I went to seminary to escape alcohol.

This may seem somewhat ludicrous to you, as it now does to me. But beyond the genuine belief that God had called me into the ministry, there was the sick notion that I could flee from John Barleycorn behind the ivy-covered walls of a theological cloister.

I did not know then that an alcoholic, or incipient alcoholic, will find a drink anywhere—if he hurts enough. I did not know then that a “geographical cure” is doomed to failure, that an alcoholic needs a new heart, a new spiritual outlook, not a new environment.

I began my alcoholic odyssey as a newsman and ended it as a clergyman. In the sodden interim, I managed to write my senior seminary thesis in a ginmill, escape for a time to an alcoholic’s paradise abroad, be hospitalized twice—and yet remain the object of concern of the Hound of Heaven.

God’s grace has been particularly evident in the fact that, unlike a lot of other alcoholics, I was able to keep my family intact—thanks to the never-failing support of a praying wife. Had I lost my family, I am sure I would not be writing this article, much less be preaching with all my heart the unsearchable riches of His grace. Can human nature be redeemed? You bet it can! I stand in my own pulpit as Exhibit A!

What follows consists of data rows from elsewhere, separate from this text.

(* Let $(X,d)$ be a finite metric space whose distances are integers in $[0,\frac{16k}{\varepsilon}]$, for a positive integer $k$ and $\varepsilon>0$. For a nonempty $S\subseteq X$ and $t\in[k]$, let $(\mathcal{C}_1,\dots,\mathcal{C}_t)$ be the output of $\mathtt{detRecMSD}(S,t)$ and let $\operatorname{opt}_i(S)$ denote the cost of an optimal $i$-clustering of $S$. Then $\operatorname{cost}(\mathcal{C}_r)=\operatorname{opt}_r(S)$ for every $r\in\{1,\dots,t\}$.
   Context: An $i$-clustering of $S$ is a collection of at most $i$ subsets whose union is $S$; its cost is the sum of the diameters $\operatorname{diam}(C)=\max_{p,q\in C}d(p,q)$ of its sets. $\operatorname{Ball}(x,R)=\{z\in X:d(x,z)\le R\}$. The deterministic procedure $\mathtt{detRecMSD}(S,t)$ is: set $\mathcal{C}_i\gets\{S\}$ for all $i\in\{1,\dots,t\}$; if $t=1$ or $|S|=1$ return $(\mathcal{C}_1,\dots,\mathcal{C}_t)$. Otherwise let $x,y\in S$ with $d(x,y)=\operatorname{diam}(S)$; for each integer $R=0,1,\dots,\operatorname{diam}(S)-1$: let $S_1=S\cap\operatorname{Ball}(x,R)$, $S_2=S\setminus\operatorname{Ball}(x,R)$, compute $\mathcal{A}=\mathtt{detRecMSD}(S_1,t-1)$ and $\mathcal{B}=\mathtt{detRecMSD}(S_2,t-1)$, and for all $i,j\in\{1,\dots,t-1\}$ with $i+j\le t$, if $\operatorname{cost}(\mathcal{A}_i\cup\mathcal{B}_j)<\operatorname{cost}(\mathcal{C}_{i+j})$ set $\mathcal{C}_{i+j}\gets\mathcal{A}_i\cup\mathcal{B}_j$. Finally return $(\mathcal{C}_1,\dots,\mathcal{C}_t)$. *)

From mathcomp Require Import all_boot all_order all_algebra.
Set Implicit Arguments. Unset Strict Implicit. Unset Printing Implicit Defensive.

Section MSD.
Variables (X : finType) (d : X -> X -> nat).

Definition is_metric : Prop :=
  [/\ forall x y, d x y = 0 <-> x = y,
      forall x y, d x y = d y x &
      forall x y z, d x z <= d x y + d y z].

Definition diam (C : {set X}) : nat := \max_(p in C) \max_(q in C) d p q.

Definition Ball (x : X) (R : nat) : {set X} := [set z | d x z <= R].

Definition cost (P : {set {set X}}) : nat := \sum_(C in P) diam C.

Definition is_clustering (i : nat) (S : {set X}) (P : {set {set X}}) : bool :=
  (#|P| <= i) && (cover P == S).

(* The default value diam S
   of the fold is the cost of the 1-clustering {S}, hence an upper bound
   whenever i >= 1, so it does not affect the minimum for i >= 1. *)
Definition opt (i : nat) (S : {set X}) : nat :=
  \big[minn/diam S]_(P : {set {set X}} | is_clustering i S P) cost P.

(* pick S is the point x of the procedure: a point of S that is an endpoint
   of a diametral pair of S.  Any such choice function is allowed. *)
Definition diam_endpoint_choice (pick : {set X} -> X) : Prop :=
  forall S : {set X}, S != set0 ->
    pick S \in S /\ exists2 y, y \in S & d (pick S) y = diam S.

Variable pick : {set X} -> X.

Definition upd (A B C : nat -> {set {set X}}) (ij : nat * nat)
  : nat -> {set {set X}} :=
  let: (i, j) := ij in
  if cost (A i :|: B j) < cost (C (i + j))
  then (fun n => if n == i + j then A i :|: B j else C n)
  else C.

(* detRecMSD(S,t): returns the function i |-> C_i (meaningful for 1<=i<=t). *)
Fixpoint detRecMSD (S : {set X}) (t : nat) {struct t} : nat -> {set {set X}} :=
  match t with
  | 0 => fun _ => [set S]
  | t'.+1 =>
    if (t' == 0) || (#|S| == 1) then fun _ => [set S]
    else
      let x := pick S in
      foldl
        (fun C R =>
           let S1 := S :&: Ball x R in
           let S2 := S :\: Ball x R in
           let A := detRecMSD S1 t' in
           let B := detRecMSD S2 t' in
           foldl (upd A B) C
             [seq ij <- [seq (i, j) | i <- iota 1 t', j <- iota 1 t']
                | ij.1 + ij.2 <= t'.+1])
        (fun _ => [set S])
        (iota 0 (diam S))
  end.

End MSD.

From mathcomp Require Import all_boot all_order all_algebra.
From mathcomp Require Import zify.
Import Order.TTheory GRing.Theory Num.Theory.

(* Let x, y be a diametral pair of S and let P be an r-clustering of S cheaper
   than diam S.  A cluster C of P is cut by the ball of radius R around x for
   at most diam C integer radii R (triangle inequality), so fewer than
   diam S = d x y radii R < diam S are cut by some cluster.  For an uncut R,
   P splits into a clustering of S :&: Ball x R and one of S :\: Ball x R,
   both nonempty (they contain x and y), with at most r clusters in total and
   the same cost.  The procedure tries every such R and every split i + j = r
   of the cluster budget, so by induction on t it finds an optimal
   r-clustering. *)

Lemma foldl_ind {T : Type} {E : eqType} (P : T -> Prop) (f : T -> E -> T)
    (l : seq E) (z : T) :
  P z -> (forall s e, e \in l -> P s -> P (f s e)) -> P (foldl f z l).
Proof.
elim: l z => //= e l IH z Pz Pf; apply: IH => [|s e' e'l]; first exact: Pf (mem_head _ _) Pz.
by apply: Pf; rewrite inE e'l orbT.
Qed.

Section PointwiseNonincreasingFold.
Context {T : Type} {E : eqType} {w : T -> nat} {f : (nat -> T) -> E -> nat -> T}.
Hypothesis f_nonincr : forall C e n, w (f C e n) <= w (C n).

Lemma foldl_nonincr l C n : w (foldl f C l n) <= w (C n).
Proof.
apply: (foldl_ind (fun C' => forall n, w (C' n) <= w (C n))) => // C' e _ C'le m.
exact: leq_trans (f_nonincr _ _ _) (C'le m).
Qed.

Lemma foldl_le_step l C e m c :
  e \in l -> (forall C', w (f C' e m) <= c) -> w (foldl f C l m) <= c.
Proof.
case/splitPr=> l1 l2 fe; rewrite foldl_cat /=.
exact: leq_trans (foldl_nonincr _ _ _) (fe _).
Qed.

End PointwiseNonincreasingFold.

Lemma big_minn_le (I : eqType) (r : seq I) (P : pred I) (F : I -> nat) a i :
  i \in r -> P i -> \big[minn/a]_(j <- r | P j) F j <= F i.
Proof.
elim: r => // j r IH; rewrite inE big_cons => /predU1P[<- -> | ir Pi].
  exact: geq_minl.
by case: (P j); [apply: leq_trans (geq_minr _ _) _|]; apply: IH.
Qed.

Section Clustering.
Context {X : finType} (d : X -> X -> nat).
Implicit Types (S C : {set X}) (P : {set {set X}}).

Lemma leq_diam C p q : p \in C -> q \in C -> d p q <= diam d C.
Proof.
move=> pC qC; rewrite /diam; apply: leq_trans (leq_bigmax_cond _ pC).
exact: leq_bigmax_cond.
Qed.

Lemma diam_set0 : diam d set0 = 0.
Proof. by rewrite /diam big_set0. Qed.

Lemma diam_set1 p : d p p = 0 -> diam d [set p] = 0.
Proof. by move=> dpp; rewrite /diam !big_set1. Qed.

Lemma cost_set1 S : cost d [set S] = diam d S.
Proof. by rewrite /cost big_set1. Qed.

Lemma cost_setU P1 P2 : cost d (P1 :|: P2) <= cost d P1 + cost d P2.
Proof.
rewrite /cost (big_setID P1) /= setUK leq_add2l.
rewrite setDUl setDv set0U [X in _ <= X](big_setID (P2 :\: P1)) /=.
by rewrite (setIidPr (subsetDl _ _)) leq_addr.
Qed.

Lemma card_gt0_cover P : cover P != set0 -> 0 < #|P|.
Proof. by rewrite card_gt0; apply: contraNneq => ->; rewrite /cover big_set0. Qed.

Lemma clustering_set1 i S : 0 < i -> is_clustering i S [set S].
Proof. by move=> i0; rewrite /is_clustering cards1 cover1 eqxx andbT. Qed.

Lemma clusteringU {i j S1 S2 P1 P2} :
  is_clustering i S1 P1 -> is_clustering j S2 P2 ->
  is_clustering (i + j) (S1 :|: S2) (P1 :|: P2).
Proof.
case/andP=> P1i /eqP <-; case/andP=> P2j /eqP <-; apply/andP; split.
  exact: leq_trans (leq_card_setU _ _).1 (leq_add P1i P2j).
by rewrite /cover bigcup_setU.
Qed.

Lemma diam_le_cost_clustering1 S P : is_clustering 1 S P -> diam d S <= cost d P.
Proof.
case/andP; rewrite leq_eqVlt ltnS leqn0 cards_eq0 => /orP[/cards1P[C ->] | /eqP ->].
  by rewrite cover1 cost_set1 => /eqP ->.
by rewrite /cover big_set0 => /eqP <-; rewrite diam_set0.
Qed.

Lemma opt_eq_cost {i S P0} :
  0 < i -> is_clustering i S P0 ->
  (forall P, is_clustering i S P -> cost d P0 <= cost d P) ->
  opt d i S = cost d P0.
Proof.
move=> i0 clP0 P0min; apply/eqP; rewrite eqn_leq; apply/andP; split.
  exact: big_minn_le (mem_index_enum _) clP0.
apply: (big_ind (fun v => cost d P0 <= v)) => [|u v P0u P0v|P clP].
- by rewrite -cost_set1; apply/P0min/clustering_set1.
- by rewrite leq_min P0u P0v.
- exact: P0min.
Qed.

Section UncutSplit.
Variables (P : {set {set X}}) (B : {set X}).
Hypothesis uncut : {in P, forall C, {in C &, forall p q, p \in B -> q \in B}}.

Lemma cover_setI_powerset_uncut : cover (P :&: powerset B) = cover P :&: B.
Proof.
apply/eqP; rewrite eqEsubset setI_powerset cover_setI /=.
apply/subsetP=> z /setIP[/bigcupP[C CP zC] zB]; apply/bigcupP; exists C => //.
by rewrite !inE CP; apply/subsetP=> q qC; apply: (uncut C CP z q).
Qed.

Lemma cover_setD_powerset_uncut : cover (P :\: powerset B) = cover P :\: B.
Proof.
apply/setP=> z; apply/bigcupP/setDP => [[C] | [/bigcupP[C CP zC] zB]].
  rewrite !inE => /andP[/subsetPn[q qC qB] CP] zC; split; last first.
    by apply: contra qB; apply: (uncut C CP z q).
  by apply/bigcupP; exists C.
by exists C => //; rewrite !inE CP andbT; apply/subsetPn; exists z.
Qed.

End UncutSplit.

Section BallCut.
Hypothesis dxx : forall x, d x x = 0.
Hypothesis d_triangle : forall x y z, d x z <= d x y + d y z.
(* Let the models $S_m$, $m\in I_n$, the penalty $\mathrm{pen}(m)=\theta D_m/(4n)$ with a fixed $\theta>1$, the selected index $\widehat m$ and the truncated estimator $\tilde F_{\widehat m}$ be as in the context, and assume that the collections $\mathcal M_n^{(1)},\mathcal M_n^{(2)}$ satisfy assumption (H). Then there exist constants $C_1,C_2>0$, not depending on $n$, on $F$ or on the design, such that almost surely $$\mathbb{E}\left[\|\tilde F_{\widehat m}-F\|_n^2\,\middle|\,\mathbf X,\mathbf T\right]\le C_1\inf_{m\in I_n}\left\{\inf_{t\in S_m}\|F-t\|_n^2+\mathrm{pen}(m)\right\}+\frac{C_2}{n}.$$ (The constants may depend on $\theta$ and on the constants appearing in (H).) In particular the bound holds for any fixed (deterministic) design $(X_i,T_i)_{i\le n}$.
   Context: Observation model: $(X_i,Y_i,T_i)_{i=1,\dots,n}$ are i.i.d., $Y_i,T_i>0$, and $Y_i$ is independent of $T_i$ conditionally on $X_i$. One observes only $(X_i,T_i,\delta_i)_{i=1,\dots,n}$ with $\delta_i=\mathbf 1_{\{Y_i\le T_i\}}$. The target is the conditional c.d.f. $F(x,y)=\mathbb P[Y\le y\mid X=x]$, so that $\mathbb E[\delta_i\mid X_i,T_i]=F(X_i,T_i)$. Let $A=A_1\times A_2\subset\mathbb R\times\mathbb R^+$ with $A_1,A_2$ compact intervals; convention: all design points $(X_i,T_i)$ lie in $A$ and functions are considered on $A$. Write $\mathbf X=(X_1,\dots,X_n)$, $\mathbf T=(T_1,\dots,T_n)$. Empirical norm: $\|t\|_n^2=\frac1n\sum_{i=1}^n t^2(X_i,T_i)$. Models: for $j=1,2$, $\mathcal M_n^{(j)}=\{S^{(j)}_{m_j}, m_j\in I_n^{(j)}\}$ is a collection of finite-dimensional linear subspaces of $L^2(A_j)$, $\dim S^{(j)}_{m_j}=D^{(j)}_{m_j}$, with orthonormal bases $(\phi^{m_1}_k)_{k\le D^{(1)}_{m_1}}$ of $S^{(1)}_{m_1}$ and $(\psi^{m_2}_l)_{l\le D^{(2)}_{m_2}}$ of $S^{(2)}_{m_2}$. For $m=(m_1,m_2)\in I_n=I_n^{(1)}\times I_n^{(2)}$, $S_m=S^{(1)}_{m_1}\otimes S^{(2)}_{m_2}=\{t(x,y)=\sum_{k,l}a_{k,l}\phi^{m_1}_k(x)\psi^{m_2}_l(y)\}$, of dimension $D_m=D^{(1)}_{m_1}D^{(2)}_{m_2}$. Assumption (H): for $j=1,2$ and every $b>0$ there is a constant $B_j$ (depending on $b$) with $\sum_{m_j\in I_n^{(j)}}\exp(-b\sqrt{D^{(j)}_{m_j}})\le B_j$ for all $n\ge1$. Estimators: contrast $\gamma_n(t)=\frac1n\sum_{i=1}^n(\delta_i-t(X_i,T_i))^2$; $\widehat F_m\in\arg\min_{t\in S_m}\gamma_n(t)$ (any minimizer; its values at the design points are uniquely determined); $\mathrm{pen}(m)=\frac{\theta}{4}\frac{D_m}{n}$ with a fixed $\theta>1$; $\widehat m\in\arg\min_{m\in I_n}[\gamma_n(\widehat F_m)+\mathrm{pen}(m)]$; and $\tilde F_m(x,u)=\min(\max(\widehat F_m(x,u),0),1)$ (truncation to $[0,1]$). *)

From Stdlib Require Import Reals List Lra.
Open Scope R_scope.

Fixpoint rsum (n : nat) (f : nat -> R) : R :=
  match n with O => 0 | S k => rsum k f + f k end.

Fixpoint rprod (n : nat) (f : nat -> R) : R :=
  match n with O => 1 | S k => rprod k f * f k end.

(* all boolean vectors of length n (the possible values of (delta_1..delta_n)) *)
Fixpoint all_bools (n : nat) : list (list bool) :=
  match n with
  | O => nil :: nil
  | S k => map (cons true) (all_bools k) ++ map (cons false) (all_bools k)
  end.

Definition delta (d : list bool) (i : nat) : R := if nth i d false then 1 else 0.

Definition emp_norm2 (n : nat) (x t : nat -> R) (g : R -> R -> R) : R :=
  / INR n * rsum n (fun i => (g (x i) (t i)) ^ 2).

Definition gamma_n (n : nat) (x t : nat -> R) (d : list bool) (g : R -> R -> R) : R :=
  / INR n * rsum n (fun i => (delta d i - g (x i) (t i)) ^ 2).

Definition clip01 (r : R) : R := Rmin (Rmax r 0) 1.

Definition lin_indep_on (P : R -> Prop) (D : nat) (phi : nat -> R -> R) : Prop :=
  forall c : nat -> R,
    (forall u, P u -> rsum D (fun k => c k * phi k u) = 0) ->
    forall k, (k < D)%nat -> c k = 0.

Definition in_tensor_span (A1 A2 : R -> Prop) (D1 D2 : nat)
    (phi psi : nat -> R -> R) (g : R -> R -> R) : Prop :=
  exists a : nat -> nat -> R,
    forall u v, A1 u -> A2 v ->
      g u v = rsum D1 (fun k => rsum D2 (fun l => a k l * phi k u * psi l v)).

(* Assumption (H) for one collection: sum_{m} exp(-b sqrt D_m) <= B b,
   the (possibly infinite) sum of nonnegative terms being the sup of finite partial sums *)
Definition assumption_H (I : Type) (D : I -> nat) (B : R -> R) : Prop :=
  forall b, 0 < b ->
    forall l : list I, NoDup l ->
      fold_right (fun m acc => exp (- b * sqrt (INR (D m))) + acc) 0 l <= B b.

Definition cond_cdf (F : R -> R -> R) : Prop :=
  forall u,
    (forall y, 0 <= F u y <= 1) /\
    (forall y z, y <= z -> F u y <= F u z) /\
    (forall y, y <= 0 -> F u y = 0) /\
    (forall y eps, 0 < eps -> exists dl, 0 < dl /\
        forall z, y <= z < y + dl -> F u z - F u y < eps) /\
    (forall eps, 0 < eps -> exists M, forall y, M < y -> 1 - eps < F u y).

While my faith in Jesus Christ has never been stronger, my hope that the institutional church will help to reclaim the suffering alcoholic is much more limited. I used to blame my alcoholism on the narrow fundamentalism of my youth. No longer. I discovered that my liberal colleagues would offer me a drink to prove their own “liberation.” They would use and abuse the alcoholic with an abandonment unknown in warmly evangelical circles. The sad truth is that nobody likes a drunk.

The size of the problem is staggering. Dr. Roger Egeberg of the U. S. Department of Health, Education, and Welfare has labeled alcoholism the number-one public-health problem; it affects nine million Americans—far more than the number addicted to all other drugs. And the National Council on Alcoholism calls this disease, which cripples entire families, the most neglected illness in our society.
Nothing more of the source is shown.